The next question is would such change by the Fed help our dear big banks and financials? Well, you know the answer; they don't flourish too well even with unending rate cut since last Sep.
Perhaps the most important question is whether the change in rate policy would likely curb inflation e.g. high oil and food prices? Yes, we may agree that the Fed's rate cut has caused USD to fall freely so far and a weakening USD will fuel higher and stronger inflation in all respects. But is that the only factor or the primary factor? Again, you should have the answer. High fuel and food prices, etc., won't go away even with a strong USD.

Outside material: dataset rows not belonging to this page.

(* Let $n\ge3$. Every nonempty element of $K^{\infty}_n$ has a unique canonical form (its smallest representative word in length-lexicographic order with $y_1<\cdots<y_n$), and the canonical forms are exactly the words $$y^{a_0}_{i_1}y^{a_1}_{i_1-1}\cdots y^{a_{k_1}}_{i_1-k_1}\;y^{b_0}_{i_2}y^{b_1}_{i_2-1}\cdots y^{b_{k_2}}_{i_2-k_2}\cdots y^{h_0}_{i_p}y^{h_1}_{i_p-1}\cdots y^{h_{k_p}}_{i_p-k_p}$$ with all exponents positive and $i_j-k_j<i_{j+1}$ for $j=1,\dots,p-1$, where in addition, as a special case, a factor $y_n^{h}$ may be immediately followed by a factor $y_{n-2}^{j}$. Equivalently, the canonical forms are the words in which every two consecutive letters $y_ay_b$ satisfy $b\ge a-1$ or $(a,b)=(n,n-2)$.
   Context: $K^{\infty}_n=\langle y_1,\dots,y_n\mid y_iy_j=y_jy_i\ (j+2\le i\le n-1),\ y_ny_k=y_ky_n\ (1\le k\le n-3)\rangle$. *)

From Stdlib Require Import Relation_Operators.
From mathcomp Require Import all_boot.
Set Implicit Arguments. Unset Strict Implicit. Unset Printing Implicit Defensive.

(* Letters: the generator y_i is encoded by the natural number i, 1 <= i <= n.
   Words are sequences of letters; a word over the alphabet of K^oo_n: *)
Definition word (n : nat) (w : seq nat) : bool := all (fun a => 0 < a <= n) w.

(* The defining relations of K^oo_n:
   y_i y_j = y_j y_i  for j+2 <= i <= n-1,
   y_n y_k = y_k y_n  for 1 <= k <= n-3. *)
Definition defrel (n i j : nat) : bool :=
  [&& 1 <= j, j + 2 <= i & i <= n - 1] || [&& i == n, 1 <= j & j <= n - 3].

Definition step (n : nat) (u v : seq nat) : Prop :=
  exists (p q : seq nat) (a b : nat),
    (defrel n a b || defrel n b a) /\ u = p ++ a :: b :: q /\ v = p ++ b :: a :: q.

(* equality in the monoid K^oo_n: the congruence generated by the relations *)
Definition keq (n : nat) : seq nat -> seq nat -> Prop :=
  clos_refl_sym_trans (seq nat) (step n).

Fixpoint lexle (u v : seq nat) : bool :=
  match u, v with
  | [::], _ => true
  | _ :: _, [::] => false
  | a :: u', b :: v' => (a < b) || ((a == b) && lexle u' v')
  end.

Definition lenlex_le (u v : seq nat) : bool :=
  (size u < size v) || ((size u == size v) && lexle u v).

Definition canonical (n : nat) (c : seq nat) : Prop :=
  forall v, keq n c v -> lenlex_le c v.

Definition local_cond (n : nat) (c : seq nat) : bool :=
  [forall i : 'I_(size c).-1,
     let a := nth 0 c i in let b := nth 0 c i.+1 in
     (a <= b.+1) || ((a == n) && (b == n - 2))].

(* A pair of adjacent letters y_a y_b violating the condition (b < a - 1 and
   (a, b) <> (n, n - 2)) is always an instance of a defining relation, so it
   can be swapped into the lexicographically smaller y_b y_a; insertion sort
   therefore turns every word into an equivalent word satisfying the
   condition, and a canonical word must satisfy it.  Conversely, for two
   letters a, b that do not commute the subsequence of a's and b's is
   invariant under the relations, and a word satisfying the condition is the
   lexicographically least word with prescribed such subsequences: if a
   smaller word began with y < x, every letter of the given word before its
   first y would have to commute with y, which the condition forbids. *)

From Stdlib Require Import Relation_Operators.
From mathcomp Require Import all_boot.
From mathcomp Require Import zify.
Set Implicit Arguments. Unset Strict Implicit.

Section Invariants.

Variables (A T : Type) (R : A -> A -> Prop).

Lemma clos_rst_invariant (f : A -> T) :
  (forall u v, R u v -> f u = f v) ->
  forall u v, clos_refl_sym_trans A R u v -> f u = f v.
Proof. by move=> Rf u v; elim=> {u v} [u v /Rf||u v _ ->|u v w _ -> _ ->]. Qed.

End Invariants.

Definition canon_rel (n a b : nat) : bool :=
  (a <= b.+1) || ((a == n) && (b == n - 2)).

Definition commuting (n a b : nat) : bool := defrel n a b || defrel n b a.

Definition proj_eq (n : nat) (u v : seq nat) : Prop :=
  forall a b, ~~ commuting n a b -> filter (pred2 a b) u = filter (pred2 a b) v.

Lemma commuting_irr n a : ~~ commuting n a a.
Proof. rewrite /commuting /defrel; lia. Qed.

Lemma commutingC n a b : commuting n a b = commuting n b a.
Proof. by rewrite /commuting orbC. Qed.

Lemma ltn_canon_rel n a b : a < b -> canon_rel n a b.
Proof. rewrite /canon_rel; lia. Qed.

Lemma not_canon_rel_gtn n a b : ~~ canon_rel n a b -> b < a.
Proof. rewrite /canon_rel; lia. Qed.

Lemma defrel_not_canon_rel n a b :
  0 < b -> a <= n -> ~~ canon_rel n a b -> defrel n a b.
Proof. rewrite /canon_rel /defrel; lia. Qed.

Lemma canon_rel_descent_noncommuting n x y :
  canon_rel n x y -> y < x -> ~~ commuting n x y.
Proof. rewrite /canon_rel /commuting /defrel; lia. Qed.

Lemma canon_rel_jump_noncommuting n x y z :
  canon_rel n x z -> z < y -> y < x -> ~~ commuting n x y.
Proof. rewrite /canon_rel /commuting /defrel; lia. Qed.

Lemma keq_size n u v : keq n u v -> size u = size v.
Proof.
apply: clos_rst_invariant => {}u {}v [p [q [a [b [_ [-> ->]]]]]].
by rewrite !size_cat.
Qed.

Lemma keq_proj_eq n u v : keq n u v -> proj_eq n u v.
Proof.
move=> uv x y xy; move: u v uv; apply: clos_rst_invariant.
move=> u v [p [q [a [b [ab [-> ->]]]]]]; rewrite !filter_cat /=.
suff : ~~ (pred2 x y a && pred2 x y b) by rewrite /=; case: (_ || _) (_ || _) => [] [].
apply: contraL ab => /andP[] /pred2P[->|->] /pred2P[->|->];
  rewrite -/(commuting n _ _) ?commuting_irr //; by rewrite commutingC.
Qed.

Lemma keq_cons n c u v : keq n u v -> keq n (c :: u) (c :: v).
Proof.
elim=> {u v} [u v [p [q [a [b [ab [-> ->]]]]]]|u|u v _ IH|u v w _ IH1 _ IH2].
- by apply: rst_step; exists (c :: p), q, a, b.
- exact: rst_refl.
- exact: rst_sym.
- exact: rst_trans IH1 IH2.
Qed.

Lemma canon_path_first_noncommuting n x s y :
  path (canon_rel n) x s -> y < x -> commuting n x y ->
  exists2 z, ~~ commuting n z y & ohead (filter (pred2 z y) (x :: s)) != Some y.
Proof.
elim: s x => [|z s IH] x.
  by move=> _ yx _; exists y; rewrite ?commuting_irr //= orbb gtn_eqF.
move=> /andP[xz zs] yx xy; have [zy|yz|zy] := ltngtP z y.
- by rewrite (negbTE (canon_rel_jump_noncommuting xz zy yx)) in xy.
- case zy: (commuting n z y); last first.
    exists z; rewrite ?zy //= eqxx.
    by case: ifP => _; apply/eqP => -[]; lia.
  have [t ty head_t] := IH z zs yz zy; exists t => //.
  have x_t : x != t by apply: contraNneq ty => <-.
  by rewrite [filter _ (x :: _)]/= (negbTE x_t) (gtn_eqF yx).
- by subst z; rewrite (negbTE (canon_rel_descent_noncommuting xz yx)) in xy.
Qed.

Lemma sorted_proj_eq_lexle n c v :
  sorted (canon_rel n) c -> proj_eq n c v -> lexle c v.
Proof.
elim: c v => [|x c IH] // [|y v] sc cv.
  by have := cv x x (commuting_irr n x); rewrite /= eqxx.
rewrite /=; case: (ltngtP x y) => [//|yx|xy]; last first.
  subst y; apply: IH (path_sorted sc) _ => a b ab.
  by have := cv a b ab; rewrite /=; case: ifP => // _ [].
have xy : commuting n x y.
  apply: contraT => xy; have := cv x y xy.
  by rewrite /= !eqxx orbT /= => -[yx']; rewrite yx' ltnn in yx.
have [z zy] := canon_path_first_noncommuting sc yx xy.
by rewrite (cv z y zy) /= eqxx orbT /= eqxx.
Qed.

Lemma canonical_lexle n c v : canonical n c -> keq n c v -> lexle c v.
Proof. by move=> cc cv; have := cc v cv; rewrite /lenlex_le (keq_size cv) ltnn eqxx. Qed.

Lemma sorted_canonical n c : sorted (canon_rel n) c -> canonical n c.
Proof.
move=> sc v cv; rewrite /lenlex_le (keq_size cv) ltnn eqxx /=.
exact: sorted_proj_eq_lexle sc (keq_proj_eq cv).
Qed.

Fixpoint canon_insert (n x : nat) (t : seq nat) : seq nat :=
  if t is c :: t' then
    if canon_rel n x c then x :: t else c :: canon_insert n x t'
  else [:: x].

Fixpoint canon_sort (n : nat) (s : seq nat) : seq nat :=
  if s is x :: s' then canon_insert n x (canon_sort n s') else [::].

Lemma all_canon_insert (P : pred nat) n x t :
  all P (canon_insert n x t) = P x && all P t.
Proof. by elim: t => [|c t IH] //=; case: ifP => _ //=; rewrite IH andbCA. Qed.

Lemma all_canon_sort (P : pred nat) n s : all P (canon_sort n s) = all P s.
Proof. by elim: s => [|x s IH] //=; rewrite all_canon_insert IH. Qed.

Lemma path_canon_insert n x b t :
  path (canon_rel n) b t -> canon_rel n b x ->
  path (canon_rel n) b (canon_insert n x t).
Proof.
elim: t b => [|c t IH] b /=; first by rewrite andbT.
move=> /andP[bc ct] bx; case: ifP => xc /=; first by rewrite bx xc ct.
by rewrite bc IH // ltn_canon_rel // (not_canon_rel_gtn (negbT xc)).
Qed.

Lemma sorted_canon_sort n s : sorted (canon_rel n) (canon_sort n s).
Proof.
elim: s => [|x s] //=; case: (canon_sort n s) => [|c t] //= ct.
case: ifP => xc /=; first by rewrite xc.
by rewrite path_canon_insert // ltn_canon_rel // (not_canon_rel_gtn (negbT xc)).
Qed.

Lemma keq_swap n x y s :
  0 < y -> x <= n -> ~~ canon_rel n x y -> keq n [:: x, y & s] [:: y, x & s].
Proof.
move=> y0 xn xy; apply: rst_step; exists [::], s, x, y.
by rewrite defrel_not_canon_rel.
Qed.

Lemma keq_canon_insert n x t : word n (x :: t) -> keq n (x :: t) (canon_insert n x t).
Proof.
elim: t => [|c t IH] /=; first by move=> _; apply: rst_refl.
move=> /and3P[/andP[x0 xn] /andP[c0 cn] wt]; case: ifP => xc; first exact: rst_refl.
apply: rst_trans (keq_swap _ c0 xn (negbT xc)) (keq_cons _ _).
by apply: IH; rewrite /word /= x0 xn.
Qed.

Lemma keq_canon_sort n s : word n s -> keq n s (canon_sort n s).
Proof.
elim: s => [|x s IH] /=; first by move=> _; apply: rst_refl.
move=> /andP[wx ws]; apply: rst_trans (keq_cons _ (IH ws)) _.
by apply: keq_canon_insert; rewrite /word /= wx all_canon_sort.
Qed.

Lemma canonical_behead n x c : canonical n (x :: c) -> canonical n c.
Proof.
move=> xc v cv; have := xc _ (keq_cons x cv).
by rewrite /lenlex_le /= ltnS eqSS ltnn eqxx.
Qed.

Lemma canonical_sorted n c : word n c -> canonical n c -> sorted (canon_rel n) c.
Proof.
elim: c => [|x [|y c] IH] //= /and3P[/andP[_ xn] /andP[y0 yn] wc] xyc.
case xy: (canon_rel n x y) => /=.
  by apply: IH (canonical_behead xyc); rewrite /word /= y0 yn.
have yx := not_canon_rel_gtn (negbT xy).
have := canonical_lexle xyc (keq_swap _ y0 xn (negbT xy)).
by rewrite /= ltnNge (ltnW yx) (gtn_eqF yx).
Qed.

Lemma local_cond_sorted n c : local_cond n c = sorted (canon_rel n) c.
Proof.
case: c => [|x s]; first by apply/forallP => -[].
apply/forallP/(pathP 0) => /= cond i; first by move=> lt_is; apply: cond (Ordinal lt_is).
exact: cond (ltn_ord i).
Qed.

Lemma lexle_anti u v : lexle u v -> lexle v u -> u = v.
Proof.
elim: u v => [|a u IH] [|b v] //=.
by case: (ltngtP a b) => //= -> uv vu; rewrite (IH v uv vu).
Qed.

Theorem proposition2 (n : nat) (hn : 3 <= n) :
  (forall w : seq nat, word n w -> w != [::] ->
     exists! c : seq nat, keq n w c /\ canonical n c)
  /\
  (forall c : seq nat, word n c -> c != [::] ->
     (canonical n c <-> local_cond n c)).
Proof.
split=> [w ww _ | c wc _]; last first.
  by rewrite local_cond_sorted; split; [apply: canonical_sorted | apply: sorted_canonical].
have wcs := keq_canon_sort ww; have sorted_w := sorted_canon_sort n w.
exists (canon_sort n w); split=> [|c [wc cc]]; first by split; last apply: sorted_canonical.
have sc : keq n (canon_sort n w) c := rst_trans _ _ _ _ _ (rst_sym _ _ _ _ wcs) wc.
exact: lexle_anti (canonical_lexle (sorted_canonical sorted_w) sc)
                  (canonical_lexle cc (rst_sym _ _ _ _ sc)).
Qed.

A stronger USD will have lots of negative impacts on several areas. MNCs exporting to non-US territories may find a stronger USD a hindrance to their competitiveness. Countries paying imports in USD will have to pay more and indirectly the cost will add to their local inflation index. Of course, if you are selling Japanese cars in US, you may find it easier when USD climbs against the Yen. But such growth will come is doubtful. Why? The US economy is having a slowdown or recession and no matter how optimistic you like to be, sales should slowdown. Well, that depends on what you are selling to US. If you are selling fuel, basic materials and metals or food, a stronger USD may promote higher demands for such goods or commodities and give support for higher prices again. It's never easy to beat high prices when inflation has become so deep-rooted.
The Fed surely has a very difficult task now. Perhaps, inaction is the only wise step to take at this stage. But once you pause the rate cut, the weather will change very quickly. Several central banks having been raising rates or proclaiming to do so. China, India, Australia, Europe, Brazil, even Japan... When this trend is also matched by the Fed's inaction, who can dispute that that will inevitably be the end of rate cut and the beginning of rate hike?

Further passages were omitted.